Within the records, say how many lines include the word "pendant"; the answer should be the number and no more.

========

(* Let $T$ be an $n$-vertex tree with domination number $\gamma$. (i) If $\gamma=1$, then $\xi^{ee}(T)=\xi^{ee}(S_n)=\frac{3n-3}{2}$. (ii) If $\gamma=2$, then $\xi^{ee}(T)\leqslant\frac{5n-4}{6}$, with equality if and only if $T\cong P_2(a,b)$ for some $a,b$ with $a+b+2=n$. (iii) If $\gamma\geqslant 3$, then $\xi^{ee}(T)\leqslant\frac{10n-3\gamma-7}{12}$, with equality if and only if $T\cong T_{n,\gamma}$.
   Context: For a vertex $x$ of a connected graph $G$, $\varepsilon_G(x)$ is its eccentricity and $d_G(x)$ its degree; $\xi^{ee}(G)=\sum_{uv\in E(G)}\left(\frac{1}{\varepsilon_G(u)}+\frac{1}{\varepsilon_G(v)}\right)=\sum_{x}\frac{d_G(x)}{\varepsilon_G(x)}$. The domination number is the minimum size of a set $D$ of vertices such that every vertex is in $D$ or adjacent to a vertex of $D$. $S_n$ is the star on $n$ vertices. $P_2(a,b)$ is the tree obtained from an edge $xy$ by attaching $a$ pendant vertices to $x$ and $b$ pendant vertices to $y$. For $m\geqslant 1$, $T_{n,m}$ is the tree obtained from the star $S_{n-m+1}$ by attaching one pendant edge to each of $m-1$ of its non-central vertices. *)

From HB Require Import structures.
From mathcomp Require Import all_boot all_order all_algebra.
Set Implicit Arguments. Unset Strict Implicit. Unset Printing Implicit Defensive.
Import Order.TTheory GRing.Theory Num.Theory.
Local Open Scope ring_scope.

(* A simple graph is a symmetric irreflexive relation e on a finType T. *)
Section Graphs.
Variables (T : finType) (e : rel T).

Definition connected_graph : Prop := forall x y : T, connect e x y.

Definition acyclic_graph : Prop :=
  forall p : seq T, uniq p -> cycle e p -> (size p < 3)%N.

Definition is_tree : Prop := connected_graph /\ acyclic_graph.

Fixpoint ball (k : nat) (x : T) : {set T} :=
  match k with
  | 0 => [set x]
  | k'.+1 => ball k' x :|: [set y | [exists z in ball k' x, e z y]]
  end.

(* distance: least k with y in ball k x (values < #|T| for connected graphs) *)
Definition dist (x y : T) : nat :=
  find (fun k => y \in ball k x) (iota 0 #|T|).

Definition ecc (x : T) : nat := \max_(y : T) dist x y.

Definition deg (x : T) : nat := #|[set y | e x y]|.

Definition xi_ee : rat := \sum_(x : T) (deg x)%:R / (ecc x)%:R.

Definition dominatingb (D : {set T}) : bool :=
  [forall x, (x \in D) || [exists y in D, e x y]].

(* domination number: minimum size of a dominating set (setT always dominates) *)
Definition domnum : nat :=
  \big[minn/#|T|]_(D : {set T} | dominatingb D) #|D|.

End Graphs.

Definition graph_iso (T T' : finType) (e : rel T) (e' : rel T') : Prop :=
  exists f : T -> T', bijective f /\ forall x y, e' (f x) (f y) = e x y.

Definition symrel (T : finType) (r : rel T) : rel T := fun x y => r x y || r y x.

(* Star S_n on 'I_n with center 0 *)
Definition star_rel (n : nat) : rel 'I_n :=
  fun i j => (val i == 0)%N (+) (val j == 0)%N.

(* P_2(a,b) on 'I_(a+b+2): x = 0, y = 1, 2..a+1 pendant at x, a+2..a+b+1 pendant at y *)
Definition p2_adj (a b : nat) : rel 'I_(a + b + 2) := fun i j =>
  [|| (val i == 0)%N && (val j == 1)%N,
      (val i == 0)%N && (2 <= val j < a + 2)%N
    | (val i == 1)%N && (a + 2 <= val j)%N].
Definition p2_rel (a b : nat) : rel 'I_(a + b + 2) := symrel (@p2_adj a b).

(* T_{n,m} on 'I_n: center 0, star leaves 1..n-m, and vertex n-m+k
   (k = 1..m-1) pendant at leaf k *)
Definition tnm_adj (n m : nat) : rel 'I_n := fun i j =>
  ((val i == 0)%N && (1 <= val j <= n - m)%N) ||
  [&& (n - m + 1 <= val j)%N, (1 <= val i)%N & (val i == val j - (n - m))%N].
Definition tnm_rel (n m : nat) : rel 'I_n := symrel (@tnm_adj n m).

Arguments star_rel n : clear implicits.
Arguments p2_rel a b : clear implicits.
Arguments tnm_rel n m : clear implicits.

========

* RESPONSE AREA
3